La evaluación de los aprendizajes

El Currículo Nacional brinda las siguientes orientaciones sobre la evaluación:

“La idea de evaluación ha evolucionado significativamente. Ha pasado de comprenderse como una práctica centrada en la enseñanza, que calificaba lo correcto y lo incorrecto, y que se situaba únicamente al final del proceso, a ser entendida como una práctica centrada en el aprendizaje del estudiante, que lo retroalimenta oportunamente con respecto a sus progresos durante todo el proceso de enseñanza y aprendizaje. La evaluación, entonces, diagnostica, retroalimenta y posibilita acciones para el progreso del aprendizaje de los estudiantes” (MINEDU (2016) Currículo Nacional de la Educación Básica. Pg. 101)

Bajo estas consideraciones, la evaluación en los proyectos de aprendizaje requiere enfocarse en el proceso de aprendizaje de los niños y las niñas y no en el cotejo final de los resultados alcanzados. Centrar la mirada en el proceso de aprendizaje implica observar a los niños, recoger y registrar información (cualitativa) en relación a los propósitos de aprendizaje previstos, para luego analizarlas y junto a otras evidencias (recogidas en otros momentos de la jornada) hacer una valoración del aprendizaje alcanzado por los niños.

Para llevar a cabo la evaluación se necesita tomar en cuenta lo siguiente:

  • Tener claridad de los propósitos de aprendizaje: Es decir, tener presente a lo largo del proyecto las competencias, los estándares y los desempeños que se quieren alcanzar.
  • Definir las evidencias de aprendizaje2: Las evidencias recogidas deben ser objeto de análisis. Este análisis nos permitirá identificar el nivel de logro alcanzado por el niño y dar la retroalimentación respectiva, así como mejorar nuestra práctica pedagógica.

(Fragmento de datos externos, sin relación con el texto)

(** * The deck group consists of translations *)

(* A half-turn of K fixes a vertex, the midpoint of an edge, or the centre of
   a square, according to the parities of its centre coordinates. *)
Lemma half_turn_fixes_cell p (g : V -> V) x0 y0 :
  (forall i j, g (i,j) = (x0 - i, y0 - j)) ->
  (exists v, g v = v) \/
  (exists u v, edgeK p u v /\ ((g u = u /\ g v = v) \/ (g u = v /\ g v = u))) \/
  (exists f, faceK p f /\ set_image g f f).
Proof.
  intros Hg.
  pose proof (Z.div_mod x0 2 ltac:(lia)) as D1. pose proof (Z.mod_pos_bound x0 2 ltac:(lia)) as B1.
  pose proof (Z.div_mod y0 2 ltac:(lia)) as D2. pose proof (Z.mod_pos_bound y0 2 ltac:(lia)) as B2.
  set (q1 := x0 / 2) in *. set (q2 := y0 / 2) in *.
  set (r1 := x0 mod 2) in *. set (r2 := y0 mod 2) in *.
  clearbody q1 q2 r1 r2.
  assert (Hr : (r1 = 0 \/ r1 = 1) /\ (r2 = 0 \/ r2 = 1)) by lia.
  destruct Hr as [[H1|H1] [H2|H2]].
  - left. exists (q1,q2). rewrite Hg. f_equal; lia.
  - right; left. exists (q1,q2), (q1,q2+1). split.
    + apply fwd_edgeK. simpl. lia.
    + right. rewrite !Hg. split; f_equal; lia.
  - right; left. exists (q1,q2), (q1+1,q2). split.
    + apply fwd_edgeK. simpl. lia.
    + right. rewrite !Hg. split; f_equal; lia.
  - destruct (Z.eq_dec (q2 mod p) 0) as [Hq|Hq].
    + right; left. exists (q1+1,q2), (q1,q2+1). split.
      * apply fwd_edgeK. simpl. lia.
      * right. rewrite !Hg. split; f_equal; lia.
    + right; right. exists (sq q1 q2). split. { exists q1, q2; right; auto. }
      assert (Hin : forall x, In x (sq q1 q2) -> In (g x) (sq q1 q2)).
      { unfold sq; simpl; intros x [<-|[<-|[<-|[<-|[]]]]]; rewrite Hg;
        [right;right;left|right;right;right;left|left|right;left]; f_equal; lia. }
      assert (Hgg : forall x, g (g x) = x) by (intros [i j]; rewrite !Hg; f_equal; lia).
      intros z; split.
      * intros Hz. exists (g z). split; auto.
      * intros [x [Hx <-]]. auto.
Qed.

Definition translations (G : (V -> V) -> Prop) : Prop :=
  forall g, G g -> exists a b, forall x, g x = (fst x + a, snd x + b).

Lemma torus_quotient_translations p G :
  (p = 3 \/ p = 4) -> torus_quotient p G -> translations G.
Proof.
  intros Hp [_ [_ [HF [HO _]]]] g Hg.
  destruct (orient_aut_lattice_map p g Hp (HO g Hg))
    as [d [x0 [y0 [[->| ->] Hf]]]].
  - exists x0, y0. intros [i j]. rewrite Hf. cbn [fst snd]. f_equal; lia.
  - exfalso.
    assert (Hid : forall x, g x = x).
    { apply (HF g Hg), (half_turn_fixes_cell p g x0 y0).
      intros i j. rewrite Hf. f_equal; lia. }
    pose proof (Hid (0,0)) as A. pose proof (Hid (1,0)) as B.
    rewrite Hf in A, B. injection A; injection B; intros; lia.
Qed.

(** * Automorphisms of the quotient *)

Definition symK (e : bool) (c1 c2 : Z) (x : V) : V :=
  if e then (c1 + fst x, c2 + snd x) else (c1 - fst x, c2 - snd x).

(* The half-turn sends strip [j] to strip [c2 - 1 - j]. *)
Definition symK_ok (p : Z) (e : bool) (c2 : Z) : Prop :=
  if e then c2 mod p = 0 else (c2 - 1) mod p = 0.

Section LatticeSymmetries.

Variable p : Z.
Hypothesis Hp : p = 3 \/ p = 4.

Lemma symK_fwd_edge e c1 c2 u v : symK_ok p e c2 -> fwd_edge p u v ->
  edgeK p (symK e c1 c2 u) (symK e c1 c2 v).
Proof.
  intros Ho H. destruct u as [i j], v as [k l].
  destruct e; simpl in *.
  - apply fwd_edgeK. simpl. destruct Hp; subst; mod_lia.
  - apply edgeK_sym, fwd_edgeK. simpl. destruct Hp; subst; mod_lia.
Qed.

Lemma symK_edge e c1 c2 u v : symK_ok p e c2 -> edgeK p u v ->
  edgeK p (symK e c1 c2 u) (symK e c1 c2 v).
Proof.
  intros Ho H. destruct (edgeK_fwd p u v H) as [F|F];
    [|apply edgeK_sym]; apply symK_fwd_edge; auto.
Qed.

Ltac in_list := simpl; repeat first [left; f_equal; lia | right].

Ltac preimage_in_list :=
  let y := fresh "y" in let Hy := fresh "Hy" in
  intros y Hy; simpl in Hy; repeat destruct Hy as [<-|Hy]; try contradiction;
  match goal with |- exists x, In x ?f /\ _ =>
    let rec pick l := match l with
      | ?a :: ?l' => first [exists a; split; [in_list | simpl; f_equal; lia] | pick l'] end in
    pick f end.

Lemma symK_face e c1 c2 f : symK_ok p e c2 -> faceK p f ->
  exists g, faceK p g /\ (forall x, In x f -> In (symK e c1 c2 x) g) /\
    (forall y, In y g -> exists x, In x f /\ symK e c1 c2 x = y).
Proof.
  intros Ho [i [j [[Hj [->| ->]] | [Hj ->]]]]; destruct e; simpl in Ho;
  [ exists (up (c1+i) (c2+j)) | exists (dn (c1-i-1) (c2-j-1)) | exists (dn (c1+i) (c2+j))
  | exists (up (c1-i-1) (c2-j-1)) | exists (sq (c1+i) (c2+j)) | exists (sq (c1-i-1) (c2-j-1)) ].
  all: split; [ do 2 eexists;
                first [ left; split; [ | first [left; reflexivity | right; reflexivity]]
                      | right; split; [ | reflexivity]];
                destruct Hp; subst; mod_lia | ].
  all: unfold up, dn, sq; split;
    [ intros x Hx; simpl in Hx; repeat destruct Hx as [<-|Hx]; try contradiction; in_list
    | preimage_in_list ].
Qed.

Lemma symK_inv e c1 c2 : symK_ok p e c2 -> exists c1' c2', symK_ok p e c2' /\
  forall x, symK e c1' c2' (symK e c1 c2 x) = x /\ symK e c1 c2 (symK e c1' c2' x) = x.
Proof.
  intros Ho. destruct e.
  - exists (-c1), (-c2). split. { simpl in *. destruct Hp; subst; mod_lia. }
    intros [i j]; simpl; split; f_equal; lia.
  - exists c1, c2. split; auto. intros [i j]; simpl; split; f_equal; lia.
Qed.

End LatticeSymmetries.

Section DeckGroup.

Variables (p : Z) (G : (V -> V) -> Prop).
Hypotheses (Hp : p = 3 \/ p = 4) (G_group : is_group G) (G_tr : translations G).

Lemma sameorb_refl u : sameorb G u u.
Proof. destruct G_group as [H1 _]. exists (fun x => x); auto. Qed.

Lemma sameorb_sym u v : sameorb G u v -> sameorb G v u.
Proof.
  destruct G_group as [_ [_ H3]]. intros [g [Hg <-]].
  destruct (H3 g Hg) as [h [Hh Hi]]. exists h; split; auto. apply Hi.
Qed.

Lemma sameorb_trans u v w : sameorb G u v -> sameorb G v w -> sameorb G u w.
Proof.
  destruct G_group as [_ [H2 _]]. intros [g [Hg <-]] [h [Hh <-]].
  exists (fun x => h (g x)); split; auto.
Qed.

Retomemos el ejemplo del proyecto: “Averiguamos sobre la importancia del uso del jabón” en el que una de las competencias seleccionadas es: “Indaga mediante métodos científicos para construir sus conocimientos” y el desempeño específico es la obtención de información para dar respuesta a las preguntas de los niños. En este caso, una evidencia de aprendizaje fue el registro de la información que trajeron los niños de casa al preguntar a su familia: ¿Por qué es importante usar jabón?, la cual fue comentada y compartida en grupo en una de las actividades del proyecto. Así como esta, hubieron otras evidencias: por ejemplo, luego de entrevistar a una enfermera a la que invitaron y plantearon preguntas sobre el tema, la docente registró los comentarios de los niños y obtuvo evidencias de sus aprendizajes al compararlos con sus “teorías” iniciales.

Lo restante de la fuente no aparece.